Justice of the Supreme Court of Virginia
- In office February 17, 1965 – May 31, 1972
- Preceded by: Kennon C. Whittle
- Succeeded by: Richard H. Poff

Personal details
- Born: Thomas Christian Gordon Jr. July 14, 1915 Richmond, Virginia, U.S.
- Died: May 17, 2003 (aged 87)
- Education: University of Virginia

Military service
- Allegiance: United States
- Branch/service: United States Army
- Rank: Major
- Unit: Signal Corps
- Battles/wars: World War II

= Thomas C. Gordon =

American judge

Thomas Christian Gordon Jr. (July 14, 1915 – May 17, 2003) was a justice of the Supreme Court of Virginia from 1965 to 1972.

== Biography ==

He was born in Richmond, Virginia. He attended the University of Virginia where he received his Bachelor of Arts degree in 1936 and his LL.B. in 1938.
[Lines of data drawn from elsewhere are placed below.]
(* Let $0\le t_d\le t_f$ be integers, let $\mathcal{C}$ be an $[n,k,\ge 2t_d+1]$ linear code over $\mathbb{F}_q$ with generator matrix $G$ and $c_u=uG$, let $f:\mathbb{F}_q^k\to\mathrm{Im}(f)$, and let $u_1,\dots,u_M\in\mathbb{F}_q^k$. Then $$N\big(\mathcal{D}_{\mathcal{C},f}(t_f:u_1,\dots,u_M)\big)\le N(M,2(t_f-t_d)).$$
   Context: $d(\cdot,\cdot)$ is Hamming distance. $\mathcal{D}_{\mathcal{C},f}(t_f:u_1,\dots,u_M)$ is the $M\times M$ matrix with $(i,j)$ entry $\max(2t_f+1-d(c_{u_i},c_{u_j}),0)$ if $f(u_i)\ne f(u_j)$ and $0$ otherwise. For a nonnegative integer $M\times M$ matrix $\mathcal{D}$, $N(\mathcal{D})$ is the least $r$ such that there are $p_1,\dots,p_M\in\mathbb{F}_q^r$ (not necessarily distinct) with $d(p_i,p_j)\ge[\mathcal{D}]_{i,j}$ for all $i,j$. $N(M,D)$ denotes $N(\mathcal{D})$ for the matrix with all off-diagonal entries equal to $D$ and zero diagonal. *)

From HB Require Import structures.
From mathcomp Require Import all_boot all_order all_algebra.
From Stdlib Require Import ClassicalEpsilon.
Set Implicit Arguments. Unset Strict Implicit. Unset Printing Implicit Defensive.
Import GRing.Theory.

Definition hdist (F : finFieldType) (n : nat) (x y : 'rV[F]_n) : nat :=
  #|[set i : 'I_n | x ord0 i != y ord0 i]|.

Definition feasible (F : finFieldType) (M : nat) (D : 'M[nat]_M) (r : nat) : bool :=
  [exists p : {ffun 'I_M -> 'rV[F]_r},
     [forall i : 'I_M, [forall j : 'I_M, D i j <= hdist (p i) (p j)]]].

(* N(D) : least feasible r (0 by convention if none exists, which never
   happens over a field) *)
Definition Nmin (F : finFieldType) (M : nat) (D : 'M[nat]_M) : nat :=
  match excluded_middle_informative (exists r, feasible F D r) with
  | left h => ex_minn h
  | right _ => 0
  end.

Definition constD (M D : nat) : 'M[nat]_M :=
  \matrix_(i, j) (if i == j then 0 else D).

(* D_{C,f}(t_f : u_1..u_M), c_u = u G; nat subtraction is max(.,0) *)
Definition DCf (F : finFieldType) (k n : nat) (Y : eqType) (G : 'M[F]_(k, n))
  (f : 'rV[F]_k -> Y) (tf M : nat) (u : 'I_M -> 'rV[F]_k) : 'M[nat]_M :=
  \matrix_(i, j) (if f (u i) != f (u j)
                  then (2 * tf + 1 - hdist (u i *m G) (u j *m G))%N
                  else 0%N).

(* Whenever f(u_i) <> f(u_j) the messages differ, so the minimum distance of
   the code gives d(c_{u_i}, c_{u_j}) >= 2 t_d + 1 and the (i,j) entry of
   D_{C,f} is at most 2 t_f + 1 - (2 t_d + 1) = 2 (t_f - t_d).  Hence
   D_{C,f} is dominated entrywise by the matrix of N(M, 2(t_f - t_d)), and
   N(.) is monotone for entrywise domination. *)
From mathcomp Require Import all_boot all_order all_algebra.
Import GRing.Theory.
From Stdlib Require Import ClassicalEpsilon.

Section MinimalLength.

Variables (F : finFieldType) (M : nat).

Lemma Nmin_le (D : 'M[nat]_M) r : feasible F D r -> (Nmin F D <= r)%N.
Proof.
move=> feasDr; rewrite /Nmin; case: excluded_middle_informative => [h|[]].
  by case: ex_minnP => m _; apply.
by exists r.
Qed.

Lemma feasible_Nmin (D : 'M[nat]_M) :
  (exists r, feasible F D r) -> feasible F D (Nmin F D).
Proof.
rewrite /Nmin; case: excluded_middle_informative => [h _|//].
by case: ex_minnP.
Qed.

Lemma feasible_le (D D' : 'M[nat]_M) r :
  (forall i j, D i j <= D' i j)%N -> feasible F D' r -> feasible F D r.
Proof.
move=> leDD' /existsP[p /forallP feas_p]; apply/existsP; exists p.
apply/forallP => i; apply/forallP => j.
exact: leq_trans (leDD' i j) (forallP (feas_p i) j).
Qed.

Lemma Nmin_le_mono (D D' : 'M[nat]_M) :
  (forall i j, D i j <= D' i j)%N -> (exists r, feasible F D' r) ->
  (Nmin F D <= Nmin F D')%N.
Proof.
move=> leDD' /feasible_Nmin feasD'.
by apply: Nmin_le; apply: feasible_le feasD'.
Qed.

(* p_i is the indicator of the i-th block of D consecutive coordinates. *)
Lemma feasible_constD D : feasible F (constD M D) (D * M).
Proof.
apply/existsP.
exists [ffun i : 'I_M => (\row_(l < D * M) (if (l %/ D)%N == i then 1 else 0 : F))%R].
apply/forallP => i; apply/forallP => j; rewrite mxE.
have [//|neq_ij] := eqVneq i j.
have block_lt (x : 'I_D) : (i * D + x < D * M)%N.
  rewrite mulnC; apply: leq_trans (_ : D * i.+1 <= D * M)%N.
    by rewrite mulnS addnC ltn_add2r.
  by rewrite leq_mul2l ltn_ord orbT.
pose g (x : 'I_D) : 'I_(D * M) := Ordinal (block_lt x).
have g_inj : injective g by move=> x y /(congr1 val) /= /addnI /val_inj.
rewrite /hdist -{1}(card_ord D) -(card_imset (mem 'I_D) g_inj).
apply/subset_leq_card/subsetP => _ /imsetP[x _ ->].
have g_block : (i * D + x) %/ D = i.
  by rewrite divnMDl ?divn_small ?addn0 // (leq_ltn_trans _ (ltn_ord x)).
rewrite inE !ffunE !mxE /= g_block eqxx.
by rewrite (_ : (i : nat) == j = false) ?oner_eq0 //; apply/negbTE.
Qed.

End MinimalLength.

Lemma hdist_subr (F : finFieldType) n (x y : 'rV[F]_n) :
  hdist x y = hdist (x - y)%R 0%R.
Proof. by apply: eq_card => i; rewrite !inE !mxE subr_eq0. Qed.

Lemma DCf_le_constD (F : finFieldType) (n k M td tf : nat)
  (G : 'M[F]_(k, n)) (Y : eqType) (f : 'rV[F]_k -> Y) (u : 'I_M -> 'rV[F]_k) :
  (forall v : 'rV[F]_k, v != 0%R -> (2 * td + 1 <= hdist (v *m G) 0%R)%N) ->
  forall i j, (DCf G f tf u i j <= constD M (2 * (tf - td)) i j)%N.
Proof.
move=> min_dist i j; rewrite !mxE.
have [eq_fu|neq_fu] := eqVneq (f (u i)) (f (u j)); first by [].
have neq_ij : i != j by apply: contra_neq neq_fu => ->.
have neq_u : (u i - u j != 0)%R by rewrite subr_eq0; apply: contra_neq neq_fu => ->.
have := min_dist _ neq_u; rewrite mulmxBl -hdist_subr => dist_ge.
rewrite (negbTE neq_ij); apply: leq_trans (leq_sub2l _ dist_ge) _.
by rewrite subnDr mulnBr.
Qed.

Theorem mainTheorem5 (F : finFieldType) (n k M td tf : nat)
  (G : 'M[F]_(k, n)) (Y : eqType) (f : 'rV[F]_k -> Y) (u : 'I_M -> 'rV[F]_k) :
  (td <= tf)%N ->
  row_free G ->
  (forall v : 'rV[F]_k, v != 0%R -> (2 * td + 1 <= hdist (v *m G) 0%R)%N) ->
  (Nmin F (DCf G f tf u) <= Nmin F (constD M (2 * (tf - td))))%N.
Proof.
move=> _ _ min_dist; apply: Nmin_le_mono; first exact: DCf_le_constD.
by exists (2 * (tf - td) * M)%N; apply: feasible_constD.
Qed.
For a number of years he was associated with the law firm of McGuire, Woods, King, Gordon and Davis. For 1963–64, he was President of the Virginia Bar Association. On February 17, 1965, he was sworn in as a justice of the Supreme Court of Appeals of Virginia, having been elected by the General Assembly. Justice Gordon resigned from the Court on May 31, 1972, and returned to private practice.